*What you need to do*. In the data below, find the line containing "rewrite -diag_const_mx; congr", then set down that line and every later line up to and including the line containing "rewrite /cg -rtE;", exactly.

*Records for this exercise*.
********************

Lemma cast_mxtens_index d1 d2 d3 (a : 'I_d1) (b : 'I_d2) (c : 'I_d3) :
  cast_ord (esym (mulnA d1 d2 d3)) (mxtens_index (mxtens_index (a, b), c))
  = mxtens_index (a, mxtens_index (b, c)).
Proof. by apply: val_inj; rewrite /= mulnDl -mulnA addnA. Qed.

Lemma leg12_mxE d3 m n (X : 'M[F]_(m, n)) i k (c c' : 'I_d3) :
  leg12 d3 X (mxtens_index (i, c)) (mxtens_index (k, c')) = X i k * (c == c')%:R.
Proof. by rewrite tensmxE mxE. Qed.

Lemma leg23_mxE d1 d2 d3 (X : 'M[F]_(d2 * d3)) (a a' : 'I_d1) b b' c c' :
  leg23 d1 X (mxtens_index (mxtens_index (a, b), c))
             (mxtens_index (mxtens_index (a', b'), c'))
  = (a == a')%:R * X (mxtens_index (b, c)) (mxtens_index (b', c')).
Proof. by rewrite castmxE !cast_mxtens_index tensmxE mxE. Qed.

Lemma leg23E_mxE d1 c2 c3 m (Y : 'M[F]_(c2 * c3, m)) (a a' : 'I_d1) b c k :
  leg23E d1 Y (mxtens_index (mxtens_index (a, b), c)) (mxtens_index (a', k))
  = (a == a')%:R * Y (mxtens_index (b, c)) k.
Proof. by rewrite castmxE cast_mxtens_index cast_ord_id tensmxE mxE. Qed.

Definition flip23_index d1 d2 d3 (u : 'I_(d1 * d2 * d3)) : 'I_(d1 * d3 * d2) :=
  let: (ab, c) := mxtens_unindex u in
  let: (a, b) := mxtens_unindex ab in mxtens_index (mxtens_index (a, c), b).

Lemma flip23_indexE d1 d2 d3 (a : 'I_d1) (b : 'I_d2) (c : 'I_d3) :
  flip23_index (mxtens_index (mxtens_index (a, b), c))
  = mxtens_index (mxtens_index (a, c), b).
Proof. by rewrite /flip23_index !mxtens_indexK. Qed.

Lemma flip23_indexK d1 d2 d3 :
  cancel (@flip23_index d1 d2 d3) (@flip23_index d1 d3 d2).
Proof.
move=> u; case: (mxtens_indexP u) => ab c; case: (mxtens_indexP ab) => a b.
by rewrite !flip23_indexE.
Qed.

Lemma flip23E d1 d2 d3 u v : flip23 F d1 d2 d3 u v = (v == flip23_index u)%:R.
Proof.
case: (mxtens_indexP u) => ab c; case: (mxtens_indexP ab) => a b.
case: (mxtens_indexP v) => ac b'; case: (mxtens_indexP ac) => a' c'.
rewrite mxE flip23_indexE !mxtens_indexK /= !mxtens_index_eq.
by rewrite (eq_sym a') (eq_sym b') (eq_sym c') andbA andbAC.
Qed.

Lemma leg13_mxE d1 d2 d3 (X : 'M[F]_(d1 * d3)) (a a' : 'I_d1) (b b' : 'I_d2) c c' :
  leg13 d2 X (mxtens_index (mxtens_index (a, b), c))
             (mxtens_index (mxtens_index (a', b'), c'))
  = X (mxtens_index (a, c)) (mxtens_index (a', c')) * (b == b')%:R.
Proof.
set u := mxtens_index _; set w := mxtens_index (mxtens_index (a', b'), c').
rewrite mxE (eq_bigr (fun v => (v == flip23_index w)%:R
                                * (flip23 F d1 d2 d3 *m (X *t 1%:M)) u v)); last first.
  move=> v _; rewrite flip23E mulrC eq_sym.
  by rewrite (can2_eq (@flip23_indexK _ _ _) (@flip23_indexK _ _ _)).
rewrite sum_indicator mxE (eq_bigr (fun v => (v == flip23_index u)%:R
                                            * (X *t 1%:M) v (flip23_index w))); last first.
  by move=> v _; rewrite flip23E.
by rewrite sum_indicator !flip23_indexE tensmxE mxE.
Qed.

Lemma leg12_diag_mx d1 d2 d3 (e : 'rV[F]_(d1 * d2)) :
  leg12 d3 (diag_mx e) = diag_mx (\row_u e 0 (mxtens_unindex u).1).
Proof.
apply/matrixP => u v.
case: (mxtens_indexP u) => ab c; case: (mxtens_indexP v) => ab' c'.
by rewrite leg12_mxE !mxE mxtens_indexK mxtens_index_eq mulr_natr -mulrnA mulnb.
Qed.

Lemma leg23_diag_mx d1 d2 d3 (e : 'rV[F]_(d2 * d3)) :
  leg23 d1 (diag_mx e) = diag_mx (\row_u e 0 (mxtens_index
    ((mxtens_unindex (mxtens_unindex u).1).2, (mxtens_unindex u).2))).
Proof.
apply/matrixP => u v.
case: (mxtens_indexP u) => ab c; case: (mxtens_indexP ab) => a b.
case: (mxtens_indexP v) => ab' c'; case: (mxtens_indexP ab') => a' b'.
rewrite leg23_mxE !mxE !mxtens_indexK !mxtens_index_eq /=.
by rewrite mulr_natl -mulrnA mulnb andbC andbA.
Qed.

Lemma leg13_diag_mx d1 d2 d3 (e : 'rV[F]_(d1 * d3)) :
  leg13 d2 (diag_mx e) = diag_mx (\row_u e 0 (mxtens_index
    ((mxtens_unindex (mxtens_unindex u).1).1, (mxtens_unindex u).2))).
Proof.
apply/matrixP => u v.
case: (mxtens_indexP u) => ab c; case: (mxtens_indexP ab) => a b.
case: (mxtens_indexP v) => ab' c'; case: (mxtens_indexP ab') => a' b'.
rewrite leg13_mxE !mxE !mxtens_indexK !mxtens_index_eq /=.
by rewrite mulr_natr -mulrnA mulnb andbAC.
Qed.

Lemma leg12_linv d3 m n (P : 'M[F]_(n, m)) (E : 'M_(m, n)) :
  P *m E = 1%:M -> leg12 d3 P *m leg12 d3 E = 1%:M.
Proof. by move=> PE; rewrite /leg12 tensmx_mul PE mulmx1 tensmx_id. Qed.

Lemma leg23_linv d1 c2 c3 m (P : 'M[F]_(m, c2 * c3)) (E : 'M_(c2 * c3, m)) :
  P *m E = 1%:M -> leg23F d1 P *m leg23E d1 E = 1%:M.
Proof.
by move=> PE; rewrite /leg23F /leg23E castmx_mulmx_cancel tensmx_mul PE mulmx1 tensmx_id.
Qed.

End Legs.

Section SpinMatrices.
Variable F : fieldType.

Lemma at1C m n (i : 'I_m) (k : 'I_n) x y : at1 i k x y = at1 k i y x.
Proof. exact: andbC. Qed.

Lemma sum_at1_mxtens n (x y : nat -> F) (s : 'I_2) (b : 'I_n.+1) (k : 'I_n.+2) :
  \sum_(1 <= a < n.+2) ((at1 (mxtens_index (s, b)) k a a)%:R * x a
                        + (at1 (mxtens_index (s, b)) k (a + n.+1) a.+1)%:R * y a)
  = ((s + b)%N == k)%:R * (if s == 0 :> nat then x b.+1 else y b.+1).
Proof.
rewrite (eq_big_nat _ _ (F2 := fun a => (a == b.+1)%:R
   * (((s + b)%N == k)%:R * (if s == 0 :> nat then x a else y a)))); last first.
  move=> a /andP [a_gt0 a_lt]; have b_lt := ltn_ord b; rewrite /at1 /=.
  case: s => [[|[|//]] /= _].
    rewrite (_ : (_ == (a + n.+1).-1) && _ = false) ?mul0r ?addr0; last by lia.
    by rewrite mulrA -natrM mulnb; congr (_%:R * _); lia.
  rewrite (_ : (_ == a.-1) && _ = false) ?mul0r ?add0r; last by lia.
  by rewrite mulrA -natrM mulnb; congr (_%:R * _); lia.
by rewrite sum_nat_indicator /= ltnS ltn_ord.
Qed.

(* Up to the factor 1 / rt n.+1, [cg rt n s b] is the Clebsch-Gordan
   coefficient of e_s (x) e_b in the image of e_(s+b) under Emx (see EmxE). *)
Definition cg (rt : nat -> F) n (s b : nat) : F :=
  rt (if s == 0%N then n.+1 - b else b.+1)%N.

Definition qden (q : F) n i := qnum q (n.+1 - i) + qnum q i.

Lemma EmxE q rt n (s : 'I_2) (b : 'I_n.+1) k :
  Emx q rt n (mxtens_index (s, b)) k = ((s + b)%N == k)%:R * (cg rt n s b / rt n.+1).
Proof. by rewrite mxE sum_at1_mxtens subSS /cg; case: ifP. Qed.

Lemma FmxE q rt n k (s : 'I_2) (b : 'I_n.+1) :
  Fmx q rt n k (mxtens_index (s, b))
  = ((s + b)%N == k)%:R * (cg rt n s b * rt n.+1 / qden q n (s + b)).
Proof.
rewrite mxE; under eq_bigr do rewrite !(at1C k).
by rewrite sum_at1_mxtens /cg /qden; case: s => [[|[|//]] ?] /=; rewrite subSS ?subn1.
Qed.

Lemma qnum0 (q : F) : qnum q 0 = 0.
Proof. by rewrite /qnum expr0 invr1 subrr mul0r. Qed.

Lemma Fmx_mulmx_Emx q rt n :
  (forall k, rt k ^+ 2 = qnum q k) -> (forall i, (i <= n.+1)%N -> qden q n i != 0) ->
  Fmx q rt n *m Emx q rt n = 1%:M.
Proof.
move=> rtE den_neq0.
have rt_neq0 : rt n.+1 != 0.
  apply: contraNneq (den_neq0 0%N isT) => rt0.
  by rewrite /qden subn0 qnum0 addr0 -rtE rt0 expr0n.
rewrite (mulmx_tens_fiber (pi := fun s t => (s + t)%N) (@FmxE q rt n) (@EmxE q rt n)).
rewrite -diag_const_mx; congr diag_mx; apply/rowP => i; rewrite !mxE.
have termE (s : 'I_2) (t : 'I_n.+1) :
    cg rt n s t * rt n.+1 / qden q n (s + t) * (cg rt n s t / rt n.+1)
    = qnum q (if s == 0 :> nat then n.+1 - t else t.+1)%N / qden q n (s + t).
  rewrite /cg -rtE; field; rewrite rt_neq0 den_neq0 //.
  by have := ltn_ord s; have := ltn_ord t; lia.
rewrite (eq_bigr _ (fun s _ => eq_bigr _ (fun t _ => termE s t))).
have sum1 : \sum_(t < n.+1 | (1 + t)%N == i) qnum q t.+1 / qden q n (1 + t)
            = qnum q i / qden q n i.
  case: i => [[|i] /= i_lt]; first by rewrite big_pred0 // qnum0 mul0r.
  by rewrite (big_ord1_eq _ (fun t => qnum q t.+1 / qden q n t.+1)) -ltnS i_lt.
have sum0 : \sum_(t < n.+1 | (0 + t)%N == i) qnum q (n.+1 - t) / qden q n (0 + t)
            = qnum q (n.+1 - i) / qden q n i.
  rewrite (big_ord1_eq _ (fun t => qnum q (n.+1 - t) / qden q n t)).
  case: ltnP => // i_ge; have -> : (n.+1 - i = 0)%N by have := ltn_ord i; lia.
  by rewrite qnum0 mul0r.
rewrite big_ord_recl big_ord1 sum0 sum1 -mulrDl divff // den_neq0 // -ltnS.
exact: ltn_ord.
Qed.

Section QNumbers.
Variable q : F.
Hypothesis two_neq0 : 2%:R != 0 :> F.
Hypothesis q_neq0 : q != 0.
Hypothesis q_not_root1 : forall k, (0 < k)%N -> q ^+ k != 1.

********************

*Exercise response*.
rewrite -diag_const_mx; congr diag_mx; apply/rowP => i; rewrite !mxE.
have termE (s : 'I_2) (t : 'I_n.+1) :
    cg rt n s t * rt n.+1 / qden q n (s + t) * (cg rt n s t / rt n.+1)
    = qnum q (if s == 0 :> nat then n.+1 - t else t.+1)%N / qden q n (s + t).
  rewrite /cg -rtE; field; rewrite rt_neq0 den_neq0 //.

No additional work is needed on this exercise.